Xiao Shuxiang tersentak dan kemudian memperhatikan Wang Zhao. Dialah yang mengajarkan teknik berpedang itu dan juga teknik meringankan tubuh. Pedang kayu di tangan Wang Zhao pun adalah buatannya. Jadi tentu saja dia tidak tahu apa yang dimiliki oleh pemuda itu dan tidak dia miliki.


"Kau melihatnya?" Tetua Xie Yanran bertanya kembali.


"..............." Xiao Shuxiang cukup lama terdiam dan kemudian menjawab, "Wang Zhao memiliki hati yang lembut, dia juga cengeng, terlalu baik, dan aku ragu dia bisa menebas kepala orang lain."


Tetua Xie Yanran mendengar penuturan Xiao Shuxiang. Dia pun lantas menatap pemuda di sampingnya dan lalu berkata, "Jadi kau ingin bilang----bahwa kau kebalikan dari sifat pemuda itu?"


"Tentu saja, aku dan Wang Zhao tidak bisa dibandingkan. Dia berada sangat jauh di bawah Xiao Shuxiang,"


"Hmph, tidak tahu malu." Tetua Xie Yanran menyilangkan tangan dan fokus pada Wang Zhao yang sedang berlatih pedang.


Xiao Shuxiang sendiri memang tipe orang yang sangat percaya diri. Dia tidak akan pernah ragu untuk memberikan pujian pada dirinya sendiri, meski hal itu cukup tabu dilakukan oleh orang lain.


Di sisi lain, Wang Zhao berlatih pedang dan melakukan apa yang dirinya bisa. Pedang kayu di tangannya selalu dia bawa ke mana pun dan dijaga seperti nyawa sendiri.


Meski senjata itu hanya pedang kayu yang terlihat biasa, namun ketajaman bilahnya tidak bisa dipandang sebelah mata. Wang Zhao bisa menebas daun-daun bambu yang melayang jatuh di sekitarnya.


Hanya saja memang, ada beberapa daun bambu utuh yang terjatuh ke air. Wang Zhao sendiri sesekali mendarat di pinggir danau buatan sebelum kembali melesat. Jika saja dia tahu caranya berdiri di air, maka sudah pasti penampilannya dalam berlatih pedang akan semakin baik.

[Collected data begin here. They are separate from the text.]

(* Let $s\in\mathbb R$, $p,q\in(0,+\infty]$ and $\mathcal C\in b^{s,q}_p$. Then $\delta_{\mathcal C}(x)\le \frac dp-s$ for every $x\in\mathbb R^d$, and for every $\gamma\in[-s,-s+\frac dp]$, $$\dim_H\{x\in\mathbb R^d:\ \delta_{\mathcal C}(x)\ge\gamma\}\le d-sp-\gamma p,$$ where $\dim_H$ denotes Hausdorff dimension.
   Context: Fix integers $d\ge1$, $N\ge1$ and bounded functions $\psi^{(1)},\dots,\psi^{(N)}:\mathbb R^d\to\mathbb C$ with fast decay (for every $n>0$ there is $C_n$ with $|\psi^{(i)}(x)|\le C_n(1+|x|)^{-n}$). The associated wavelet system is $\psi^{(i)}_{j,k}(x)=\psi^{(i)}(2^jx-k)$, $1\le i\le N$, $j\ge0$, $k\in\mathbb Z^d$. For $j\ge0$ and $k\in\mathbb Z^d$, $\lambda_{j,k}=\prod_{m=1}^d[k_m2^{-j},(k_m+1)2^{-j})$ is the dyadic cube of generation (scale) $j$; coefficients and wavelets are indexed indifferently by $(i,j,k)$ or by $(i,\lambda)$ with $\lambda=\lambda_{j,k}$, and $\Lambda_j$ denotes the set of pairs $(i,\lambda)$ with $\lambda$ of generation $j$. A sequence is a family $\mathcal C=(c^{(i)}_{j,k})$ of complex numbers. For $\gamma\in\mathbb R$, $x\in\mathbb R^d$, $\mathcal C\in D^\gamma(x)$ means there exist $C>0$ and indices $(i_n,j_n,k_n)$ with $j_n\to+\infty$ and $|c^{(i_n)}_{j_n,k_n}\psi^{(i_n)}_{j_n,k_n}(x)|\ge C2^{\gamma j_n}$; the divergence exponent is $\delta_{\mathcal C}(x)=\sup\{\gamma:\mathcal C\in D^\gamma(x)\}$. For $s\in\mathbb R$, $p,q\in(0,\infty]$, the sequence space $b^{s,q}_p$ consists of sequences such that $\varepsilon_j:=\big(\sum_{(i,\lambda)\in\Lambda_j}|c^{(i)}_\lambda 2^{(s-d/p)j}|^p\big)^{1/p}$ (a supremum over $\Lambda_j$ if $p=\infty$) satisfies $(\varepsilon_j)_{j\ge0}\in\ell^q$; it carries the (quasi-)norm $\|(\varepsilon_j)_j\|_{\ell^q}$. *)

From Stdlib Require Fin.
From Stdlib Require Import Reals Lra ZArith List.
Open Scope R_scope.

Inductive Rbar : Type := Finite (r : R) | p_infty | m_infty.

Definition Rbar_le (a b : Rbar) : Prop :=
  match a, b with
  | m_infty, _ => True
  | _, p_infty => True
  | Finite x, Finite y => x <= y
  | _, _ => False
  end.

Definition is_sup_Rbar (P : R -> Prop) (v : Rbar) : Prop :=
  (forall g, P g -> Rbar_le (Finite g) v) /\
  (forall w, (forall g, P g -> Rbar_le (Finite g) w) -> Rbar_le v w).

Definition is_inf_Rbar (P : R -> Prop) (v : Rbar) : Prop :=
  (forall g, P g -> Rbar_le v (Finite g)) /\
  (forall w, (forall g, P g -> Rbar_le w (Finite g)) -> Rbar_le w v).

Inductive ext : Type := ext_fin (r : R) | ext_inf.
Definition ext_pos (p : ext) : Prop :=
  match p with ext_fin r => 0 < r | ext_inf => True end.
(* d / p, with d / oo = 0 *)
Definition d_over (d : nat) (p : ext) : R :=
  match p with ext_fin r => INR d / r | ext_inf => 0 end.

(* x ^ y for x >= 0, y > 0 (with 0 ^ y = 0) *)
Definition pw (x y : R) : R := if Rle_dec x 0 then 0 else Rpower x y.

Definition CC := (R * R)%type.
Definition Cmod (z : CC) : R := sqrt (fst z ^ 2 + snd z ^ 2).
Definition Cmult (z w : CC) : CC :=
  (fst z * fst w - snd z * snd w, fst z * snd w + snd z * fst w).

Fixpoint sumFin (d : nat) : (Fin.t d -> R) -> R :=
  match d return (Fin.t d -> R) -> R with
  | O => fun _ => 0
  | S d' => fun f => f Fin.F1 + sumFin d' (fun i => f (Fin.FS i))
  end.

Definition Rd (d : nat) := Fin.t d -> R.
Definition Zd (d : nat) := Fin.t d -> Z.
Definition Rd_norm {d : nat} (x : Rd d) : R := sqrt (sumFin d (fun m => x m ^ 2)).
Definition Rd_dist {d : nat} (x y : Rd d) : R :=
  sqrt (sumFin d (fun m => (x m - y m) ^ 2)).

(* Wavelets psi^{(i)} indexed by i = 0..N-1 (paper: 1..N) *)
Definition wavelets (d : nat) := nat -> Rd d -> CC.

Definition wav {d : nat} (psi : wavelets d) (i j : nat) (k : Zd d) (x : Rd d) : CC :=
  psi i (fun m => 2 ^ j * x m - IZR (k m)).

Definition bounded_wavelets {d : nat} (N : nat) (psi : wavelets d) : Prop :=
  exists B, forall i x, (i < N)%nat -> Cmod (psi i x) <= B.

Definition fast_decay {d : nat} (N : nat) (psi : wavelets d) : Prop :=
  forall n : nat, (0 < n)%nat -> exists Cn, forall i (x : Rd d), (i < N)%nat ->
    Cmod (psi i x) <= Cn / (1 + Rd_norm x) ^ n.

Definition wseq (d : nat) := nat -> nat -> Zd d -> CC.

Definition in_D {d : nat} (N : nat) (psi : wavelets d) (c : wseq d)
    (gamma : R) (x : Rd d) : Prop :=
  exists (C : R) (iN jN : nat -> nat) (kN : nat -> Zd d),
    0 < C /\
    (forall n, (iN n < N)%nat) /\
    (forall M : nat, exists n0, forall n, (n0 <= n)%nat -> (M <= jN n)%nat) /\
    (forall n, Cmod (Cmult (c (iN n) (jN n) (kN n)) (wav psi (iN n) (jN n) (kN n) x))
               >= C * Rpower 2 (gamma * INR (jN n))).

Definition is_div_exp {d : nat} (N : nat) (psi : wavelets d) (c : wseq d)
    (x : Rd d) (v : Rbar) : Prop :=
  is_sup_Rbar (fun gamma => in_D N psi c gamma x) v.

Definition level_psum {d : nat} (c : wseq d) (s r : R) (j : nat)
    (L : list (nat * Zd d)) : R :=
  fold_right (fun ik acc =>
     pw (Cmod (c (fst ik) j (snd ik)) * Rpower 2 ((s - INR d / r) * INR j)) r + acc) 0 L.

Definition is_eps_level {d : nat} (N : nat) (c : wseq d) (s : R) (p : ext)
    (j : nat) (e : R) : Prop :=
  match p with
  | ext_fin r =>
      exists S : R,
        is_sup_Rbar (fun v => exists L : list (nat * Zd d),
                        NoDup L /\ Forall (fun ik => (fst ik < N)%nat) L /\
                        v = level_psum c s r j L) (Finite S)
        /\ e = pw S (1 / r)
  | ext_inf =>
      is_sup_Rbar (fun v => exists i (k : Zd d), (i < N)%nat /\
                        v = Cmod (c i j k) * Rpower 2 (s * INR j)) (Finite e)
  end.

Definition in_lq (q : ext) (e : nat -> R) : Prop :=
  match q with
  | ext_fin r => exists M, forall n, sum_f_R0 (fun j => pw (e j) r) n <= M
  | ext_inf => exists M, forall j, e j <= M
  end.

Definition in_besov {d : nat} (N : nat) (s : R) (p q : ext) (c : wseq d) : Prop :=
  exists e : nat -> R, (forall j, is_eps_level N c s p j (e j)) /\ in_lq q e.

Definition H_null {d : nat} (t : R) (E : Rd d -> Prop) : Prop :=
  forall delta eps, 0 < delta -> 0 < eps ->
    exists (U : nat -> Rd d -> Prop) (r : nat -> R),
      (forall x, E x -> exists n, U n x) /\
      (forall n, 0 <= r n <= delta) /\
      (forall n x y, U n x -> U n y -> Rd_dist x y <= r n) /\
      (forall M, sum_f_R0 (fun n => pw (r n) t) M <= eps).

Definition is_Hdim {d : nat} (E : Rd d -> Prop) (D : Rbar) : Prop :=
  is_inf_Rbar (fun t => 0 < t /\ H_null t E) D.

(* the bound d - s p - gamma p (equal to d when p = +oo, where gamma = -s) *)
Definition dim_bound (d : nat) (s : R) (p : ext) (gamma : R) : R :=
  match p with ext_fin r => INR d - s * r - gamma * r | ext_inf => INR d end.

(* A sequence in b^{s,q}_p has |c_{i,j,k}| <= K 2^{(d/p - s) j}, and the wavelets are
   bounded, which gives delta_C <= d/p - s.
   If delta_C(x) >= gamma and g < gamma, infinitely many levels j carry a term
   |c_{i,j,k} psi_{i,j,k}(x)| >= 2^{g j}.  The coefficient of such a term is then at least
   ~ 2^{g j}, and the Besov norm allows at most ~ 2^{(d - sp - gp) j} of those at level j;
   by the fast decay of psi, x lies within 2^{-(1 - eta) j} of k 2^{-j} for any fixed
   eta > 0 once j is large.  Covering the set by these cubes for all large j gives
   H^t = 0 for every t > d - sp - gamma p.
   For p = +oo the bound is d, which holds for every subset of R^d. *)

From Stdlib Require Import Reals Lra Lia ZArith List Classical ClassicalEpsilon FunctionalExtensionality.
Open Scope R_scope.

Lemma Cmod_ge0 z : 0 <= Cmod z.
Proof. apply sqrt_pos. Qed.

Lemma Cmod_mult z w : Cmod (Cmult z w) = Cmod z * Cmod w.
Proof.
  destruct z as [a b], w as [c e]; unfold Cmod, Cmult; simpl.
  rewrite <- sqrt_mult by nra. f_equal. ring.
Qed.

Lemma sumFin_le d (f g : Fin.t d -> R) :
  (forall m, f m <= g m) -> sumFin d f <= sumFin d g.
Proof.
  induction d as [|d IH]; simpl; intros Hfg; [lra|].
  pose proof (Hfg Fin.F1).
  pose proof (IH (fun i => f (Fin.FS i)) (fun i => g (Fin.FS i)) (fun i => Hfg (Fin.FS i))).
  lra.
Qed.

Lemma sumFin_const d a : sumFin d (fun _ => a) = INR d * a.
Proof. induction d as [|d IH]; simpl sumFin; [simpl; ring|]. rewrite IH, S_INR. ring. Qed.

Lemma sumFin_ge0 d (f : Fin.t d -> R) : (forall m, 0 <= f m) -> 0 <= sumFin d f.
Proof.
  intros Hf. pose proof (sumFin_le d (fun _ => 0) f Hf) as H.
  rewrite sumFin_const in H. lra.
Qed.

Tetua Xie Yanran memperhatikan Wang Zhao dan kemudian berkata pada Xiao Shuxiang, "Perbedaan antara kau dengan pemuda itu ada dari cara kalian memakai pedang. Dia sendiri yang mengendalikan setiap gerakan pedangnya, dialah yang memimpin. Sementara kau justru terlihat dikendalikan oleh pedangmu,"


Tetua Xie Yanran berujar, "Aku melihatnya dan tahu bahwa kau sebenarnya cukup bisa memakai senjata dengan baik, tapi sepertinya memang ada yang salah dari pedangmu. Mungkin ... Ini karena senjatamu bukanlah Pusaka Spiritual,"


Xiao Shuxiang tersentak, namun dia mengerutkan keningnya. "Pedangku setingkat dengan Pusaka Langit, memang apa bedanya dengan Pusaka Spiritual yang kau maksud?"


Tetua Xie Yanran memperhatikan Xiao Shuxiang dan lantas menjelaskan, "Pusaka Langit .... Akan mempunyai perubahan tergantung dengan orang yang memakainya. Jika kultivator Aliran Hitam, maka pusaka itu akan dipenuhi oleh Aura membunuh. Tetapi Pusaka Spiritual sangat berbeda. Pusaka jenis ini akan semakin kuat tergantung dari seberapa besar praktik pemiliknya,"


Tetua Xie Yanran, "Pusaka Langit pun masih bisa hancur, tetapi Pusaka Spiritual-----dia baru akan hancur jika pemiliknya sudah tiada. Bahkan dari beberapa kondisi, Pusaka Spiritual tidak bisa digunakan orang lain. Ia hanya akan bisa dipakai oleh pemiliknya sendiri,"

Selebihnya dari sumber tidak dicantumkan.